But since we are in fact dividing by $2-i$, we will simultaneously multiply by $2-i$ not to change the result of the operation. Then: $$\dfrac{4+3i}{2+i}= \dfrac{4+3i}{2+i} \cdot \dfrac{2-i}{2-i}$$

If we do each of the products we have:

$(4+3i)\cdot(2-i)=(4\cdot2-3\cdot(-1))+(4\cdot(-1)+3\cdot2)i=$

$=(8+3)+(-4+6)i=11+2i$

$(2+i)\cdot(2-i)=2^2-i^2=4-(-1)=5$

Therefore the quotient is now:

$$\dfrac{4+3i}{2+i}= \dfrac{4+3i}{2+i} \cdot \dfrac{2-i}{2-i}= \dfrac{11+2i}{5}$$

Now, since in the denominator there is no term with $i$, we can simply separate the quotient in two parts, $$\dfrac{11+2i}{5}=\dfrac{11}{5}+\dfrac{2}{5}i$$ there is now a complex number with a real part $\dfrac{11}{5}$ and an imaginary part $\dfrac{2}{5}$.

Once we have seen this with an example, let's go to the general form.

To learn how to solve quotients of complex numbers, first we will define what the conjugate of a complex number is.

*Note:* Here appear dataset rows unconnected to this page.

(* Let $n_\theta\in\mathbb{N}$ and let $\kappa:\mathbb{R}^{n_\theta}\times\mathbb{R}^{n_\theta}\to\mathbb{R}$ be a kernel (as in the context) with reproducing kernel Hilbert space $\mathcal{H}$. Let a dataset $\mathcal{D}_k=\{(\widetilde\theta_i,\widetilde y_i)\mid i=1,\dots,N_k\}\subset\mathbb{R}^{n_\theta}\times\mathbb{R}$, constants $\bar\delta\ge 0$ and $\Gamma>0$, and a function $f\in\mathcal{H}$ be given such that $\lVert f\rVert\le\Gamma$ and $|f(\widetilde\theta_i)-\widetilde y_i|\le\bar\delta$ for all $i=1,\dots,N_k$. Let $m_k$ be defined by $$m_k=\arg\min_{m\in\mathcal{H}}\lVert m\rVert^2\quad\text{s.t. } |m(\widetilde\theta_i)-\widetilde y_i|\le\bar\delta\ \ \forall i\in\{1,\dots,N_k\}.$$ Define the feasible set $\mathcal{F}:=\{g\in\mathcal{H}: \lVert g\rVert^2\le\Gamma^2,\ |g(\widetilde\theta_i)-\widetilde y_i|\le\bar\delta\ \forall i=1,\dots,N_k\}$ (so $f\in\mathcal{F}$). Fix $\theta\in\mathbb{R}^{n_\theta}$. (i) With $N=N_k+n_\theta$, the infimum $\inf_{g\in\mathcal{F}}\nabla g(\theta)^\top\nabla m_k(\theta)$ is attained and equals the optimal value of the second-order cone program $$\underline b(\theta):=\min_{\beta\in\mathbb{R}^N}\ \begin{bmatrix}0_{1\times N_k} & \nabla m_k(\theta)^\top\end{bmatrix}\mathfrak{K}(\theta)\beta\quad\text{s.t.}\quad \beta^\top\mathfrak{K}(\theta)\beta\le\Gamma^2,\ \ |\xi_i^\top\mathfrak{K}(\theta)\beta-\widetilde y_i|\le\bar\delta\ \ \forall i\in\{1,\dots,N_k\},$$ where $\xi_i\in\mathbb{R}^N$ is the $i$-th standard basis vector. In particular $\nabla f(\theta)^\top\nabla m_k(\theta)\ge\underline b(\theta)$. (ii) For any $\mu>0$ and $c\in(0,1)$, let $\theta^+:=\theta-\mu\nabla m_k(\theta)$ and $N=N_k+2+n_\theta$. Then the supremum $\sup_{g\in\mathcal{F}}\big(g(\theta^+)-g(\theta)+c\mu\nabla g(\theta)^\top\nabla m_k(\theta)\big)$ is attained and equals the optimal value of the second-order cone program $$\bar b(\theta,\mu):=\max_{\beta\in\mathbb{R}^N}\ \begin{bmatrix}0_{1\times N_k} & -1 & 1 & c\mu\nabla m_k(\theta)^\top\end{bmatrix}\mathfrak{K}'(\theta,\theta^+)\beta\quad\text{s.t.}\quad\beta^\top\mathfrak{K}'(\theta,\theta^+)\beta\le\Gamma^2,\ \ |\xi_i^\top\mathfrak{K}'(\theta,\theta^+)\beta-\widetilde y_i|\le\bar\delta\ \ \forall i\in\{1,\dots,N_k\},$$ with $\xi_i\in\mathbb{R}^N$ the $i$-th standard basis vector. In particular $f(\theta^+)-f(\theta)+c\mu\nabla f(\theta)^\top\nabla m_k(\theta)\le\bar b(\theta,\mu)$.
   Context: A kernel is a continuous, symmetric, twice continuously differentiable function $\kappa:\mathbb{R}^{n_\theta}\times\mathbb{R}^{n_\theta}\to\mathbb{R}$ that is positive definite in the sense that for every $N\in\mathbb{N}$ and every $\theta_1,\dots,\theta_N\in\mathbb{R}^{n_\theta}$ the matrix $[\kappa(\theta_i,\theta_j)]_{i,j}$ is positive semidefinite. $\mathcal{H}$ is its unique reproducing kernel Hilbert space (completion of finite sums $\sum_i\alpha_i\kappa(\cdot,\theta_i)$ under $\langle\kappa(\cdot,a),\kappa(\cdot,b)\rangle=\kappa(a,b)$), with norm $\lVert g\rVert=\sqrt{\langle g,g\rangle}$. Notation: $D^{(a,b)}\kappa(\theta,\theta')$ denotes the mixed partial derivative of $\kappa$ of multi-order $a$ in the first argument and $b$ in the second; $e_j\in\mathbb{R}^{n_\theta}$ is the $j$-th standard basis vector. With $\Omega=\{\widetilde\theta_1,\dots,\widetilde\theta_{N_k}\}$: $K_{\Omega\Omega}$ is the $N_k\times N_k$ matrix with entries $\kappa(\widetilde\theta_i,\widetilde\theta_j)$; $K_\Omega(z)=[\kappa(z,\widetilde\theta_1)\ \cdots\ \kappa(z,\widetilde\theta_{N_k})]$ (row vector); $\nabla K_\Omega(z)$ is the $n_\theta\times N_k$ matrix with $(j,i)$ entry $D^{(e_j,0)}\kappa(z,\widetilde\theta_i)$; $\nabla K(a,b):=[D^{(e_1,0)}\kappa(a,b)\ \cdots\ D^{(e_{n_\theta},0)}\kappa(a,b)]^\top\in\mathbb{R}^{n_\theta}$; $D^2_{1,2}\kappa(\theta,\theta)$ is the $n_\theta\times n_\theta$ matrix with $(i,j)$ entry $D^{(e_i,e_j)}\kappa(\theta,\theta)$. $$\mathfrak{K}(\theta):=\begin{bmatrix}K_{\Omega\Omega} & \nabla K_\Omega(\theta)^\top\\ \nabla K_\Omega(\theta) & D^2_{1,2}\kappa(\theta,\theta)\end{bmatrix},$$ $$\mathfrak{K}'(\theta,\theta^+):=\begin{bmatrix}K_{\Omega\Omega} & K_\Omega(\theta)^\top & K_\Omega(\theta^+)^\top & \nabla K_\Omega(\theta)^\top\\ K_\Omega(\theta) & \kappa(\theta,\theta) & \kappa(\theta,\theta^+) & \nabla K(\theta,\theta)^\top\\ K_\Omega(\theta^+) & \kappa(\theta^+,\theta) & \kappa(\theta^+,\theta^+) & \nabla K(\theta,\theta^+)^\top\\ \nabla K_\Omega(\theta) & \nabla K(\theta,\theta) & \nabla K(\theta,\theta^+) & D^2_{1,2}\kappa(\theta,\theta)\end{bmatrix}.$$ If points among $\widetilde\theta_1,\dots,\widetilde\theta_{N_k},\theta,\theta^+$ coincide, duplicated rows/columns may be removed; this does not change the optimal values. *)

From HB Require Import structures.
From mathcomp Require Import all_boot all_order all_algebra.
From mathcomp Require Import all_classical all_reals all_analysis.
Set Implicit Arguments. Unset Strict Implicit. Unset Printing Implicit Defensive.
Import Order.TTheory GRing.Theory Num.Theory.
Import numFieldNormedType.Exports.
Local Open Scope ring_scope.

Given a complex number $z=a+bi$ its conjugate is the number $\bar{z}=a-bi$. Namely we change the sign of the imaginary part. It is represented by means of a line over the complex number, $\bar{z}$.

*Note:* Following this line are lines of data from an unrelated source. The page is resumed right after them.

(* Let $E_1^S,\dots,E_{d_S}^S\ge 0$ be real numbers, $E\in\mathbb{R}$, and let $s:\mathbb{R}\to\mathbb{R}$ be twice differentiable. Set $\beta=s'(E)$ and define probability vectors $$p_k=\frac{e^{s(E-E_k^S)}}{\sum_{l=1}^{d_S}e^{s(E-E_l^S)}},\qquad q_k=\frac{e^{-\beta E_k^S}}{\sum_{l=1}^{d_S}e^{-\beta E_l^S}} .$$ Let $$\gamma_{\max}=\max_k\sup_{\xi\in[E-E_k^S,E]}\tfrac12 s''(\xi)(E_k^S)^2,\qquad \gamma_{\min}=\min_k\inf_{\xi\in[E-E_k^S,E]}\tfrac12 s''(\xi)(E_k^S)^2,$$ assumed finite. Then for every $k$, $|p_k-q_k|\le q_k\left(e^{\gamma_{\max}-\gamma_{\min}}-1\right)$, and consequently $$\tfrac12\sum_{k=1}^{d_S}|p_k-q_k|\le \tfrac12\left(e^{\gamma_{\max}-\gamma_{\min}}-1\right).$$ In particular, if there are $\eta>0$ and an integer $m\ge1$ such that $-\frac{4}{\eta^2m}\le s''(\xi)\le 0$ for all $\xi\in[E-\max_kE_k^S,E]$, and $\max_k E_k^S\le h$, then $\tfrac12\sum_k|p_k-q_k|\le \tfrac12\left(e^{2h^2/(\eta^2 m)}-1\right)$.
   Context: Here $e^{s}$ plays the role of a smooth approximation of the number of bath energy levels in an energy window, the $E_k^S$ are the eigenvalues of a system Hamiltonian $H_S$ (so $h$ can be taken to be $\|H_S\|_\infty$ when $H_S\ge0$), $(p_k)$ are the eigenvalues of the reduced microcanonical state of the uncoupled system-plus-bath, and $(q_k)$ are the eigenvalues of the Gibbs state $e^{-\beta H_S}/\operatorname{Tr}e^{-\beta H_S}$. *)

From Stdlib Require Import Reals.
Open Scope R_scope.

Fixpoint rsum (f : nat -> R) (n : nat) : R :=
  match n with
  | O => 0
  | S n' => rsum f n' + f n'
  end.

(* rmaxn f n = max(0, f 0, ..., f (n-1)); for nonnegative f and n >= 1
   this is max_k f k. *)
Fixpoint rmaxn (f : nat -> R) (n : nat) : R :=
  match n with
  | O => 0
  | S n' => Rmax (rmaxn f n') (f n')
  end.

(* Energies are indexed by k = 0 .. dS-1. *)
Definition p_vec (s : R -> R) (E : R) (ES : nat -> R) (dS : nat) (k : nat) : R :=
  exp (s (E - ES k)) / rsum (fun l => exp (s (E - ES l))) dS.

Definition q_vec (beta : R) (ES : nat -> R) (dS : nat) (k : nat) : R :=
  exp (- beta * ES k) / rsum (fun l => exp (- beta * ES l)) dS.

(* The set { 1/2 s''(xi) (E_k^S)^2 | k < dS, xi in [E - E_k^S, E] }.
   max_k sup_xi  = sup of this set, min_k inf_xi = inf of this set. *)
Definition gamma_set (s2 : R -> R) (E : R) (ES : nat -> R) (dS : nat) (y : R) : Prop :=
  exists k xi, (k < dS)%nat /\ E - ES k <= xi <= E /\ y = / 2 * s2 xi * (ES k) ^ 2.

Definition is_lower_bound (P : R -> Prop) (m : R) : Prop := forall x, P x -> m <= x.
Definition is_glb (P : R -> Prop) (m : R) : Prop :=
  is_lower_bound P m /\ (forall b, is_lower_bound P b -> b <= m).

From Stdlib Require Import Reals Lra Lia Psatz FunctionalExtensionality.
Open Scope R_scope.

(* Second-order Taylor expansion of [s] at [E] with Lagrange remainder gives
   [exp (s (E - E_k)) = exp (s E) * exp (- beta E_k) * exp gamma_k] with
   [gamma_k = 1/2 s''(xi_k) E_k^2] in [[gmin, gmax]].  So the unnormalised
   weights of [p] and [q] are proportional up to a factor in
   [[exp gmin, exp gmax]]; after normalisation [p_k / q_k] lies in
   [[exp (-(gmax - gmin)), exp (gmax - gmin)]], which bounds [|p_k - q_k|]
   by [q_k (exp (gmax - gmin) - 1)], and summing uses [sum_k q_k = 1].
   The last claim takes [gmin = -2 h^2 / (eta^2 m)] and [gmax = 0]. *)

Lemma derivable_pt_lim_quadratic (a K y t : R) :
  derivable_pt_lim (fun t => a * t + K * (t - y) ^ 2) t (a + 2 * K * (t - y)).
Proof.
  assert (Hsq : derivable_pt_lim (fun t => (t - y) ^ 2) t (2 * (t - y))).
  { replace (fun t => (t - y) ^ 2) with (fun t => t ^ 2 - 2 * y * t + y ^ 2)
      by (apply functional_extensionality; intro; ring).
    replace (2 * (t - y)) with (INR 2 * t ^ Nat.pred 2 - 2 * y * 1 + 0) by (simpl; ring).
    apply (derivable_pt_lim_plus (fun t => t ^ 2 - 2 * y * t) (fct_cte (y ^ 2))).
    - apply derivable_pt_lim_minus; [apply derivable_pt_lim_pow|].
      apply derivable_pt_lim_scal, derivable_pt_lim_id.
    - apply derivable_pt_lim_const. }
  replace (a + 2 * K * (t - y)) with (a * 1 + K * (2 * (t - y))) by ring.
  apply (derivable_pt_lim_plus (fun t => a * t) (fun t => K * (t - y) ^ 2)).
  - apply derivable_pt_lim_scal, derivable_pt_lim_id.
  - apply (derivable_pt_lim_scal (fun t => (t - y) ^ 2)), Hsq.
Qed.

Lemma taylor_lagrange2 (f f1 f2 : R -> R) (x y : R) :
  x <= y ->
  (forall t, x <= t <= y -> derivable_pt_lim f t (f1 t)) ->
  (forall t, x <= t <= y -> derivable_pt_lim f1 t (f2 t)) ->
  exists xi, x <= xi <= y /\ f x = f y + f1 y * (x - y) + / 2 * f2 xi * (x - y) ^ 2.
Proof.
  intros Hxy Hf Hf1.
  destruct (Req_dec x y) as [<-|Hne].
  { exists x; split; [lra|ring]. }
  assert (Hlt : x < y) by lra.
  assert (Hd : (x - y) ^ 2 <> 0) by (apply pow_nonzero; lra).
  set (K := (f x - f y - f1 y * (x - y)) / (x - y) ^ 2).
  (* [g] is [f] minus its quadratic interpolant; [K] is chosen so that [g x = g y]. *)
  set (g := fun t => f t - (f1 y * t + K * (t - y) ^ 2)).
  assert (Hg : forall t, x <= t <= y ->
                 derivable_pt_lim g t (f1 t - (f1 y + 2 * K * (t - y)))).
  { intros t Ht. apply (derivable_pt_lim_minus f); [exact (Hf t Ht)|].
    apply derivable_pt_lim_quadratic. }
  destruct (MVT_cor2 g _ x y Hlt Hg) as [c [Hgc Hc]].
  assert (Hgxy : g y - g x = 0) by (unfold g, K; field; lra).
  assert (Hf1c : f1 y - f1 c = 2 * K * (y - c)).
  { assert (Hgc0 : f1 c - (f1 y + 2 * K * (c - y)) = 0)
      by (apply (Rmult_eq_reg_r (y - x)); lra).
    lra. }
  destruct (MVT_cor2 f1 f2 c y (proj2 Hc) (fun t Ht => Hf1 t ltac:(lra)))
    as [xi [Hxi Hxi_in]].
  assert (HK : f2 xi = 2 * K) by (apply (Rmult_eq_reg_r (y - c)); lra).
  exists xi; split; [lra|].
  rewrite HK. unfold K. field. lra.
Qed.

Lemma rsum_le (f g : nat -> R) (n : nat) :
  (forall k, (k < n)%nat -> f k <= g k) -> rsum f n <= rsum g n.
Proof.
  induction n as [|n IH]; simpl; intros H; [lra|].
  assert (rsum f n <= rsum g n) by (apply IH; intros; apply H; lia).
  assert (f n <= g n) by (apply H; lia). lra.
Qed.

Lemma rsum_ext (f g : nat -> R) (n : nat) :
  (forall k, f k = g k) -> rsum f n = rsum g n.
Proof. intros H; induction n as [|n IH]; simpl; [ring|]. rewrite IH, H; ring. Qed.

Lemma rsum_scal (c : R) (f : nat -> R) (n : nat) :
  rsum (fun k => c * f k) n = c * rsum f n.
Proof. induction n as [|n IH]; simpl; [ring|]. rewrite IH; ring. Qed.

Lemma rsum_pos (f : nat -> R) (n : nat) :
  (0 < n)%nat -> (forall k, (k < n)%nat -> 0 < f k) -> 0 < rsum f n.
Proof.
  induction n as [|n IH]; simpl; intros Hn H; [lia|].
  assert (0 < f n) by (apply H; lia).
  destruct n as [|n]; [simpl; lra|].
  assert (0 < rsum f (S n)) by (apply IH; [lia|intros; apply H; lia]). lra.
Qed.

Lemma rsum_normalized (w : nat -> R) (n : nat) :
  rsum w n <> 0 -> rsum (fun k => w k / rsum w n) n = 1.
Proof.
  intros Hw.
  rewrite (rsum_ext _ (fun k => / rsum w n * w k)) by (intro; unfold Rdiv; ring).
  rewrite rsum_scal. field. exact Hw.
Qed.

Lemma rmaxn_ge (f : nat -> R) (n k : nat) : (k < n)%nat -> f k <= rmaxn f n.
Proof.
  induction n as [|n IH]; simpl; intros Hk; [lia|].
  destruct (Nat.eq_dec k n) as [->|Hne]; [apply Rmax_r|].
  eapply Rle_trans; [apply IH; lia|apply Rmax_l].
Qed.

Lemma Rabs_sub_le_of_ratio (p q X : R) :
  0 < q -> 0 < X -> q / X <= p <= q * X -> Rabs (p - q) <= q * (X - 1).
Proof.
  intros Hq HX [Hlo Hhi].
  assert (HX1 : 1 <= X).
  { assert (q / X <= q * X) as H by lra.
    apply (Rmult_le_compat_r X) in H; [|lra].
    replace (q / X * X) with q in H by (field; lra).
    assert (1 <= X * X) by (apply (Rmult_le_reg_l q); lra). nra. }
  assert (q - q / X <= q * (X - 1)).
  { replace (q - q / X) with (q * (X - 1) / X) by (field; lra).
    apply Rmult_le_reg_r with X; [lra|].
    replace (q * (X - 1) / X * X) with (q * (X - 1)) by (field; lra).
    assert (0 <= q * (X - 1) * (X - 1)) by (apply Rmult_le_pos; nra). lra. }
  apply Rabs_le; lra.
Qed.

Lemma normalized_ratio_bounds (u w : nat -> R) (n : nat) (lo X : R) :
  0 < lo -> 0 < X ->
  (forall k, (k < n)%nat -> 0 < w k) ->
  (forall k, (k < n)%nat -> lo * w k <= u k <= lo * X * w k) ->
  forall k, (k < n)%nat ->
    w k / rsum w n / X <= u k / rsum u n <= w k / rsum w n * X.
Proof.
  intros Hlo HX Hw Hu k Hk.
  assert (HW : 0 < rsum w n) by (apply rsum_pos; [lia|exact Hw]).
  assert (HUlo : lo * rsum w n <= rsum u n).
  { rewrite <- rsum_scal. apply rsum_le. intros j Hj. apply Hu, Hj. }
  assert (HUhi : rsum u n <= lo * X * rsum w n).
  { rewrite <- rsum_scal. apply rsum_le. intros j Hj. apply Hu, Hj. }
  assert (HU : 0 < rsum u n) by nra.
  destruct (Hu k Hk) as [Hukl Hukh]. assert (Hwk := Hw k Hk).
  assert (Hlwk : 0 < lo * w k) by nra.
  split.
  - apply (Rle_trans _ (lo * w k / (lo * X * rsum w n))); [right; field; lra|].
    unfold Rdiv. apply Rmult_le_compat; [lra| |exact Hukl|].
    + apply Rlt_le, Rinv_0_lt_compat; nra.
    + apply Rinv_le_contravar; lra.
  - apply (Rle_trans _ (lo * X * w k / (lo * rsum w n))); [|right; field; lra].
    unfold Rdiv. apply Rmult_le_compat; [lra| |exact Hukh|].
    + apply Rlt_le, Rinv_0_lt_compat, HU.
    + apply Rinv_le_contravar; nra.
Qed.

Lemma half_l1_le_of_pointwise (p q : nat -> R) (n : nat) (c : R) :
  rsum q n = 1 ->
  (forall k, (k < n)%nat -> Rabs (p k - q k) <= q k * c) ->
  / 2 * rsum (fun k => Rabs (p k - q k)) n <= / 2 * c.
Proof.
  intros Hq Hpq. apply Rmult_le_compat_l; [lra|].
  apply (Rle_trans _ (rsum (fun k => c * q k) n)).
  - apply rsum_le. intros k Hk. rewrite Rmult_comm. apply Hpq, Hk.
  - rewrite rsum_scal, Hq. lra.
Qed.

Lemma exp_le_compat (x y : R) : x <= y -> exp x <= exp y.
Proof. intros [Hlt|Heq]; [left; apply exp_increasing, Hlt|right; rewrite Heq; reflexivity]. Qed.

Lemma p_q_close_of_gamma_bounds (dS : nat) (ES : nat -> R) (E : R) (s s1 s2 : R -> R)
  (a b : R) :
  (0 < dS)%nat ->
  (forall k, (k < dS)%nat -> 0 <= ES k) ->
  (forall x, derivable_pt_lim s x (s1 x)) ->
  (forall x, derivable_pt_lim s1 x (s2 x)) ->
  (forall k xi, (k < dS)%nat -> E - ES k <= xi <= E -> a <= / 2 * s2 xi * ES k ^ 2 <= b) ->
  (forall k, (k < dS)%nat ->
     Rabs (p_vec s E ES dS k - q_vec (s1 E) ES dS k)
       <= q_vec (s1 E) ES dS k * (exp (b - a) - 1)) /\
  / 2 * rsum (fun k => Rabs (p_vec s E ES dS k - q_vec (s1 E) ES dS k)) dS
    <= / 2 * (exp (b - a) - 1).
Proof.
  intros HdS HES Hs1 Hs2 Hgamma.
  set (u := fun k => exp (s (E - ES k))).
  set (w := fun k => exp (- s1 E * ES k)).
  assert (Hw : forall k, (k < dS)%nat -> 0 < w k) by (intros; apply exp_pos).
  assert (Huw : forall k, (k < dS)%nat ->
            exp (s E + a) * w k <= u k <= exp (s E + a) * exp (b - a) * w k).
  { intros k Hk.
    destruct (taylor_lagrange2 s s1 s2 (E - ES k) E ltac:(specialize (HES k Hk); lra)
                (fun t _ => Hs1 t) (fun t _ => Hs2 t)) as [xi [Hxi Htaylor]].
    destruct (Hgamma k xi Hk Hxi) as [Ha Hb].
    unfold u, w. rewrite Htaylor, <- !exp_plus.
    replace ((E - ES k - E) ^ 2) with (ES k ^ 2) by ring.
    split; apply exp_le_compat; lra. }
  assert (Hratio := normalized_ratio_bounds u w dS _ _ (exp_pos (s E + a)) (exp_pos (b - a)) Hw Huw).
  assert (Hpoint : forall k, (k < dS)%nat ->
            Rabs (p_vec s E ES dS k - q_vec (s1 E) ES dS k)
              <= q_vec (s1 E) ES dS k * (exp (b - a) - 1)).
  { intros k Hk. apply Rabs_sub_le_of_ratio; [|apply exp_pos|apply Hratio, Hk].
    apply Rdiv_lt_0_compat; [apply Hw, Hk|apply rsum_pos; assumption]. }
  split; [exact Hpoint|].
  apply half_l1_le_of_pointwise; [|exact Hpoint].
  apply rsum_normalized, Rgt_not_eq, rsum_pos; assumption.
Qed.

Theorem mainTheorem3
  (dS : nat) (ES : nat -> R) (E : R) (s s1 s2 : R -> R)
  (HdS : (0 < dS)%nat)
  (HES : forall k, (k < dS)%nat -> 0 <= ES k)
  (Hs1 : forall x, derivable_pt_lim s x (s1 x))
  (Hs2 : forall x, derivable_pt_lim s1 x (s2 x)) :
  (forall gmax gmin : R,
     is_lub (gamma_set s2 E ES dS) gmax ->
     is_glb (gamma_set s2 E ES dS) gmin ->
     (forall k, (k < dS)%nat ->
        Rabs (p_vec s E ES dS k - q_vec (s1 E) ES dS k)
          <= q_vec (s1 E) ES dS k * (exp (gmax - gmin) - 1)) /\
     / 2 * rsum (fun k => Rabs (p_vec s E ES dS k - q_vec (s1 E) ES dS k)) dS
       <= / 2 * (exp (gmax - gmin) - 1)) /\
  (forall (eta : R) (m : nat) (h : R),
     0 < eta -> (1 <= m)%nat ->
     (forall xi, E - rmaxn ES dS <= xi <= E ->
        - (4 / (eta ^ 2 * INR m)) <= s2 xi <= 0) ->
     rmaxn ES dS <= h ->
     / 2 * rsum (fun k => Rabs (p_vec s E ES dS k - q_vec (s1 E) ES dS k)) dS
       <= / 2 * (exp (2 * h ^ 2 / (eta ^ 2 * INR m)) - 1)).
Proof.
  split.
  - intros gmax gmin [Hub _] [Hlb _].
    apply (p_q_close_of_gamma_bounds dS ES E s s1 s2); try assumption.
    intros k xi Hk Hxi.
    assert (Hgamma : gamma_set s2 E ES dS (/ 2 * s2 xi * ES k ^ 2)) by (exists k, xi; auto).
    split; [apply Hlb|apply Hub]; exact Hgamma.
  - intros eta m h Heta Hm Hs2_bounds Hh.
    set (c := 4 / (eta ^ 2 * INR m)) in *.
    assert (Hm_pos : 0 < INR m) by (apply lt_0_INR; lia).
    assert (Hc : 0 <= c)
      by (apply Rlt_le, Rdiv_lt_0_compat; [lra|apply Rmult_lt_0_compat; [apply pow_lt|]; lra]).
    replace (2 * h ^ 2 / (eta ^ 2 * INR m)) with (0 - - (c / 2 * h ^ 2))
      by (unfold c; field; lra).
    refine (proj2 (p_q_close_of_gamma_bounds dS ES E s s1 s2 _ _ HdS HES Hs1 Hs2 _)).
    intros k xi Hk Hxi.
    assert (HESk := HES k Hk). assert (Hmax := rmaxn_ge ES dS k Hk).
    destruct (Hs2_bounds xi ltac:(lra)) as [Hlo Hhi].
    assert (Hsq : ES k ^ 2 <= h ^ 2) by (apply pow_incr; lra).
    assert (0 <= ES k ^ 2) by apply pow2_ge_0.
    split; nra.
Qed.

If the imaginary part is positive, the conjugate is negative.

If $z=8+5i$ then the conjugate will be $\bar{z}=8-5i$

If the imaginary part is negative, the imaginary part of the conjugate is positive.

If $z=8-5i$ then the conjugate will be $\bar{z}=8-(-5)i=8+5i$

Once we have defined the conjugate of a complex number, we can generalize as to how to solve quotients of complex numbers.

Given two complex numbers $$z_1=a+bi$$ $$z_2=a'+b'i$$

its quotient is calculated as follows:

First we must eliminate $i$ form the denominator. We multiply and divide the quotient by the conjugate of the denominator, so that it eliminates the imaginary part. That is: $$\dfrac{a+bi}{a'+b'i}=\dfrac{a+bi}{a'+b'i}\cdot \dfrac{a'-b'i}{a'-b'i}$$

Since the denominator is $a'+b'i$ its conjugate will be $a'+b'i$.

Now, we do the products that we have, both in the numerator and in the denominator, by means of the procedure previously explained. This way we obtain: $$\dfrac{a+bi}{a'+b'i}=\dfrac{a+bi}{a'+b'i}\cdot \dfrac{a'-b'i}{a'-b'i} = \dfrac{(a\cdot a'-b\cdot b')+(a\cdot b'+b\cdot a')i}{(a')^2+(b')^2}$$

Once we have done these operations, we just have to separate the fraction in two parts, the real one and the imaginary part. We already have the complex number resulting from the quotient of the two complex numbers of the example.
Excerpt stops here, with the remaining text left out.